Introduction: Myasthenia gravis (MG) is a rare autoimmune disease characterized by muscle weakness and fatigue. Ptosis (eyelid drooping) occurs due to fatigue of the muscles for eyelid elevation and is one symptom widely used by patients and healthcare providers to track progression of the disease. Margin reflex distance 1 (MRD1) is an accepted clinical measure of ptosis and is typically assessed using a hand-held ruler. In this work, we develop an AI model that enables automated measurement of MRD1 in self-recorded video clips collected using patient smartphones. Methods: A 3-month prospective observational study collected a dataset of video clips from patients with MG. Study participants were asked to perform an eyelid fatigability exercise to elicit ptosis while filming "selfie" videos on their smartphones. These images were collected in nonclinical settings, with no in-person training. The dataset was annotated by non-clinicians for (1) eye landmarks to establish ground truth MRD1 and (2) the quality of the video frames. The ground truth MRD1 (in millimeters, mm) was calculated from eye landmark annotations in the video frames using a standard conversion factor, the horizontal visible iris diameter of the human eye.

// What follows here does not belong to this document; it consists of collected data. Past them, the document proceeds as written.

Lemma pow_one_add_le_exp (U : nat) x : 0 <= 1 + x -> (1 + x) ^ U <= exp (INR U * x).
Proof. by move=> hx; rewrite -pow_exp; apply: pow_incr; split=> //; apply: exp_ineq1_le. Qed.

Lemma pow_add_mul_le_exp (n k x : R) (U : nat) :
  0 < n -> 0 <= n + x * k -> (n + x * k) ^ U <= n ^ U * exp (x * (INR U * k / n)).
Proof.
move=> hn hnk; have -> : n + x * k = n * (1 + x * k / n) by field; lra.
rewrite Rpow_mult_distr; apply: Rmult_le_compat_l; first by apply: pow_le; lra.
have -> : x * (INR U * k / n) = INR U * (x * k / n) by field; lra.
apply: pow_one_add_le_exp; have -> : 1 + x * k / n = (n + x * k) / n by field; lra.
by apply: Rmult_le_pos => //; apply/Rlt_le/Rinv_0_lt_compat.
Qed.

Lemma exp_opp_le_of_le a b : a <= b -> exp (- b) <= exp (- a).
Proof. by move=> h; apply: exp_le; lra. Qed.

Lemma expm1_le_mul_exp y : 0 <= y -> exp y - 1 <= y * exp y.
Proof. by move=> hy; have := exp_ineq1_le (- y); have := exp_opp_mul y; have := exp_pos y; nra. Qed.

Lemma exp_le_quadratic x : 0 <= x <= 1 / 2 -> exp x <= 1 + x + 2 * x ^ 2.
Proof.
move=> hx; have := exp_ineq1_le (- x); have := exp_opp_mul x; have := exp_pos x.
move=> hpos hinv hle; have : exp x * (1 - x) <= 1 by nra.
nra.
Qed.

Lemma exp_opp_le_quadratic x : 0 <= x -> exp (- x) <= 1 - x + x ^ 2.
Proof.
move=> hx; have := exp_ineq1_le x; have := exp_opp_mul x; have := exp_pos (- x).
move=> hpos hinv hle; have : exp (- x) * (1 + x) <= 1 by nra.
nra.
Qed.

Lemma le_mul_exp_sub c m a b : c * exp a <= m * exp b -> c <= m * exp (b - a).
Proof.
move=> h; have -> : exp (b - a) = exp b * exp (- a) by rewrite -exp_plus.
have := Rmult_le_compat_r _ _ _ (Rlt_le _ _ (exp_pos (- a))) h.
by rewrite Rmult_assoc [exp a * _]Rmult_comm exp_opp_mul Rmult_1_r Rmult_assoc.
Qed.

(* In the tail lemmas [cnt] is the number of samples in a tail event and [q] the number of all
   samples.  For a small mean Markov's inequality is applied to exp(th z) - 1 instead of exp(th z),
   which keeps a factor mu in the bound. *)
Lemma upper_tail_small_mean mu t cnt q :
  0 <= mu -> 1 <= mu + t -> 0 <= cnt -> 0 <= q ->
  (forall th, 0 <= th ->
     cnt * (exp (th * (mu + t)) - 1) <= q * (exp ((exp th - 1) * mu) - 1)) ->
  cnt <= q * (4 * mu * exp (mu - t)).
Proof.
move=> hmu hmt hcnt hq /(_ 1 ltac:(lra)); rewrite Rmult_1_l => h.
have he := exp_le_3; have := exp_ineq1_le 1 => he2.
have hm := expm1_le_mul_exp ((exp 1 - 1) * mu) ltac:(nra).
have hm2 : exp ((exp 1 - 1) * mu) <= exp (mu + t) * exp (mu - t).
  by rewrite -exp_plus; apply: exp_le; nra.
have ha : 2 <= exp (mu + t) by have := exp_ineq1_le (mu + t); lra.
have hw := exp_pos (mu - t); have hz := exp_pos ((exp 1 - 1) * mu).
set a := exp (mu + t) in h hm2 ha; set w := exp (mu - t) in hm2 hw *.
set z := exp ((exp 1 - 1) * mu) in h hm hm2 hz.
have hzm : z - 1 <= 2 * mu * (a * w).
  have : (exp 1 - 1) * mu * z <= 2 * mu * z by apply: Rmult_le_compat_r; nra.
  have : 2 * mu * z <= 2 * mu * (a * w) by apply: Rmult_le_compat_l; lra.
  lra.
have : cnt * a <= q * (4 * mu * w) * a by nra.
by apply: Rmult_le_reg_r; lra.
Qed.

Lemma upper_tail_large_mean mu t cnt q :
  0 < mu -> 0 <= t <= 2 * mu -> 0 <= q ->
  (forall th, 0 <= th -> cnt * exp (th * (mu + t)) <= q * exp ((exp th - 1) * mu)) ->
  cnt <= q * exp (- (t ^ 2 / (8 * mu))).
Proof.
move=> hmu ht hq; set th := t / (4 * mu) => h.
have e : th * (4 * mu) = t by rewrite /th; field; lra.
have hth : 0 <= th <= 1 / 2 by split; nra.
have hq2 : q * exp ((exp th - 1) * mu) <= q * exp ((th + 2 * th ^ 2) * mu).
  apply: Rmult_le_compat_l => //; apply: exp_le; apply: Rmult_le_compat_r; first lra.
  by have := exp_le_quadratic th hth; lra.
have := le_mul_exp_sub _ _ _ _ (Rle_trans _ _ _ (h th (proj1 hth)) hq2).
by have -> : (th + 2 * th ^ 2) * mu - th * (mu + t) = - (t ^ 2 / (8 * mu))
  by rewrite /th; field; lra.
Qed.

Lemma lower_tail_subgaussian mu t cnt q :
  0 < mu -> 0 <= t -> 0 <= q ->
  (forall th, 0 <= th -> cnt * exp (- (th * (mu - t))) <= q * exp ((exp (- th) - 1) * mu)) ->
  cnt <= q * exp (- (t ^ 2 / (4 * mu))).
Proof.
move=> hmu ht hq; set th := t / (2 * mu) => h.
have e : th * (2 * mu) = t by rewrite /th; field; lra.
have hth : 0 <= th by nra.
have hq2 : q * exp ((exp (- th) - 1) * mu) <= q * exp ((- th + th ^ 2) * mu).
  apply: Rmult_le_compat_l => //; apply: exp_le; apply: Rmult_le_compat_r; first lra.
  by have := exp_opp_le_quadratic th hth; lra.
have := le_mul_exp_sub _ _ _ _ (Rle_trans _ _ _ (h th hth) hq2).
by have -> : (- th + th ^ 2) * mu - - (th * (mu - t)) = - (t ^ 2 / (4 * mu))
  by rewrite /th; field; lra.
Qed.

Lemma upper_tail_le mu t L cnt q :
  0 <= mu -> 1 <= L -> 2 * L <= t -> 8 * L * mu <= t ^ 2 -> 0 <= cnt <= q ->
  (forall th, 0 <= th ->
     cnt * (exp (th * (mu + t)) - 1) <= q * (exp ((exp th - 1) * mu) - 1)) ->
  cnt <= q * (4 * mu * exp (- L)).
Proof.
move=> hmu hL htL htmu hcnt h; have hq : 0 <= q by lra.
have hE := exp_pos (- L).
case: (Rle_lt_dec mu (t / 2)) => hsmall.
- apply: Rle_trans (upper_tail_small_mean _ _ _ _ hmu _ _ hq h) _; try lra.
  by apply: Rmult_le_compat_l => //; apply: Rmult_le_compat_l; [lra | apply: exp_le; lra].
- have h' : forall th, 0 <= th -> cnt * exp (th * (mu + t)) <= q * exp ((exp th - 1) * mu).
    by move=> th /h; lra.
  apply: Rle_trans (upper_tail_large_mean _ _ _ _ _ _ hq h') _; try lra.
  have : exp (- (t ^ 2 / (8 * mu))) <= exp (- L).
    have e : t ^ 2 / (8 * mu) * (8 * mu) = t ^ 2 by field; lra.
    by apply: exp_opp_le_of_le; nra.
  by move=> hA; apply: Rmult_le_compat_l => //; nra.
Qed.

Lemma lower_tail_le mu t L cnt q :
  0 <= mu -> 1 <= L -> 2 * L <= t -> 4 * L * mu <= t ^ 2 -> 0 <= cnt -> 0 <= q ->
  (mu < t -> cnt = 0) ->
  (forall th, 0 <= th -> cnt * exp (- (th * (mu - t))) <= q * exp ((exp (- th) - 1) * mu)) ->
  cnt <= q * (mu * exp (- L)).
Proof.
move=> hmu0 hL htL htmu hcnt hq hempty h; have hE := exp_pos (- L).
case: (Rlt_le_dec mu t) => [/hempty -> | hmu].
  by apply: Rmult_le_pos => //; apply: Rmult_le_pos; lra.
apply: Rle_trans (lower_tail_subgaussian _ _ _ _ _ _ hq h) _; try lra.
have : exp (- (t ^ 2 / (4 * mu))) <= exp (- L).
  have e : t ^ 2 / (4 * mu) * (4 * mu) = t ^ 2 by field; lra.
  by apply: exp_opp_le_of_le; nra.
by move=> hA; apply: Rmult_le_compat_l => //; nra.
Qed.

Lemma far_estimate_split n u tt pc k z :
  0 < n -> 0 < u -> 0 < tt -> 0 < pc ->
  ~ Rabs (n / u * z - k) <= n / tt + k / pc ->
  let mu := u * k / n in let t := u / tt + mu / pc in mu + t <= z \/ z <= mu - t.
Proof.
move=> hn hu htt hpc hfar mu t.
have hun : 0 < u / n by apply: Rdiv_lt_0_compat.
have e_t : t = u / n * (n / tt + k / pc) by rewrite /t /mu; field; lra.
have e_z : z - mu = u / n * (n / u * z - k) by rewrite /mu; field; lra.
move: hfar; rewrite /Rabs; case: Rcase_abs => _ hfar.
- by right; have := Rmult_lt_compat_l _ _ _ hun (Rnot_le_lt _ _ hfar); lra.
- by left; have := Rmult_lt_compat_l _ _ _ hun (Rnot_le_lt _ _ hfar); lra.
Qed.

Lemma deviation_threshold u tt pc mu L :
  0 < tt -> 1 <= pc -> 0 <= mu -> 0 <= L -> 2 * L <= u / (tt * pc) ->
  let t := u / tt + mu / pc in 2 * L <= t /\ 8 * L * mu <= t ^ 2.
Proof.
move=> htt hpc hmu hL0 hL t; set w := u / (tt * pc) in hL *.
have e1 : u / tt = w * pc by rewrite /w; field; lra.
have hmupc : 0 <= mu / pc by apply: Rmult_le_pos => //; apply/Rlt_le/Rinv_0_lt_compat; lra.
have hab : u / tt * (mu / pc) = w * mu by rewrite /w; field; lra.
have hw : w <= w * pc by have := Rmult_le_compat_l w 1 pc ltac:(lra) hpc; lra.
split; first by rewrite /t e1; lra.
have : 0 <= (u / tt - mu / pc) ^ 2 by apply: pow2_ge_0.
rewrite /t; nra.
Qed.

Section Counting.
Local Open Scope ring_scope.

Lemma card_mul_le_sum (S : finType) (A : {set S}) (w : S -> R) (m : R) :
  (forall s, 0 <= w s) -> {in A, forall s, m <= w s} -> #|A|%:R * m <= \sum_s w s.
Proof.
move=> w_ge0 Aw; rewrite (bigID (mem A)) /= -[_ * m]addr0.
apply: lerD; last by apply: sumr_ge0.
by rewrite mulr_natl -sumr_const; apply: ler_sum.
Qed.

Lemma card_bigcup_le (T I : finType) (A : I -> {set T}) :
  leq #|\bigcup_i A i| (\sum_i #|A i|)%N.
Proof.
apply: (big_ind2 (fun (B : {set T}) n => leq #|B| n)); first by rewrite cards0.
  by move=> B1 B2 n1 n2 h1 h2; apply: leq_trans (leq_card_setU _ _) (leq_add h1 h2).
by [].
Qed.

End Counting.

Section Sampling.
Variables (N M U : nat) (X : 'I_N -> 'I_M).

Section Sums.
Local Open Scope ring_scope.

Lemma sum_if_eq_kappa (j : 'I_M) (e : R) :
  \sum_(i : 'I_N) (if X i == j then e else 1) = N%:R + (e - 1) * (kappa X j)%:R.
Proof.
rewrite (eq_bigr (fun i => 1 + (e - 1) * (X i == j)%:R)); last first.
  by move=> i _; case: eqP => _; rewrite ?mulr1 ?mulr0 ?addr0 // addrC subrK.
rewrite big_split /= sumr_const card_ord -mulr_sumr -natr_sum /kappa -sum1_card.
do 3 f_equal; rewrite [RHS]big_mkcond; apply: eq_bigr => i _.
by rewrite inE; case: eqP.
Qed.

Lemma sum_exp_zcount (j : 'I_M) (th : R) :
  \sum_(s : {ffun 'I_U -> 'I_N}) exp (th * INR (zcount X s j)) =
  (N%:R + (exp th - 1) * (kappa X j)%:R) ^+ U.
Proof.
pose F (k : 'I_U) (i : 'I_N) := if X i == j then exp th else 1.
have eF s : exp (th * INR (zcount X s j)) = \prod_(k : 'I_U) F k (s k).
  rewrite INRE RmultE mulr_natr -expRX /zcount -prodr_const big_mkcond /=.
  by apply: eq_bigr => k _; rewrite inE.
rewrite (eq_bigr _ (fun s _ => eF s)) -(bigA_distr_bigA F) /F /=.
by rewrite prodr_const card_ord sum_if_eq_kappa.
Qed.

Lemma card_zcount_ge (j : 'I_M) (th a : R) : 0 <= th ->
  #|[set s : {ffun 'I_U -> 'I_N} | Rleb a (INR (zcount X s j))]|%:R * (exp (th * a) - 1)
  <= (N%:R + (exp th - 1) * (kappa X j)%:R) ^+ U - N%:R ^+ U.
Proof.
move=> /RleP th0; rewrite -sum_exp_zcount.
have -> : N%:R ^+ U = \sum_(s : {ffun 'I_U -> 'I_N}) 1 :> R.
  by rewrite sumr_const card_ffun !card_ord -natrX.
rewrite -sumrB.
apply: card_mul_le_sum => s.
  rewrite subr_ge0 -R1E -exp_0.
  by apply/RleP/exp_le/Rmult_le_pos => //; apply: pos_INR.
rewrite inE => /RlebP ha; rewrite lerD2r.
by apply/RleP/exp_le/Rmult_le_compat_l.
Qed.

Lemma card_zcount_le (j : 'I_M) (th b : R) : 0 <= th ->
  #|[set s : {ffun 'I_U -> 'I_N} | Rleb (INR (zcount X s j)) b]|%:R * exp (- (th * b))
  <= (N%:R + (exp (- th) - 1) * (kappa X j)%:R) ^+ U.
Proof.
move=> /RleP th0; rewrite -sum_exp_zcount.
apply: card_mul_le_sum => s; first by apply/RleP/Rlt_le/exp_pos.
rewrite inE => /RlebP hb.
apply/RleP/exp_le; have := Rmult_le_compat_l _ _ _ th0 hb; lra.
Qed.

To develop the model, we trained a neural network for eye landmark detection consisting of a ResNet50 backbone plus two dense layers of 78 dimensions on publicly available datasets. Only the ResNet50 backbone was used, discarding the last two layers. The embeddings from the ResNet50 were used as features for a support vector regressor (SVR) using a linear kernel, for regression to MRD1, in mm. The SVR was trained on data collected remotely from MG patients in the prospective study, split into training and development folds. The model's performance for MRD1 estimation was evaluated on a separate test fold from the study dataset. Results: On the full test fold (N = 664 images), the correlation between the ground truth and predicted MRD1 values was strong (r = 0.732). The mean absolute error was 0.822 mm; the mean of differences was -0.256 mm; and 95% limits of agreement (LOA) were -0.214-1.768 mm. Model performance showed no improvement when test data were gated to exclude "poor" quality images. Conclusions: On data generated under highly challenging real-world conditions from a variety of different smartphone devices, the model predicts MRD1 with a strong correlation (r = 0.732) between ground truth and predicted MRD1.

A decentralized, prospective, observational study to collect real-world data from patients with myasthenia gravis using smartphones.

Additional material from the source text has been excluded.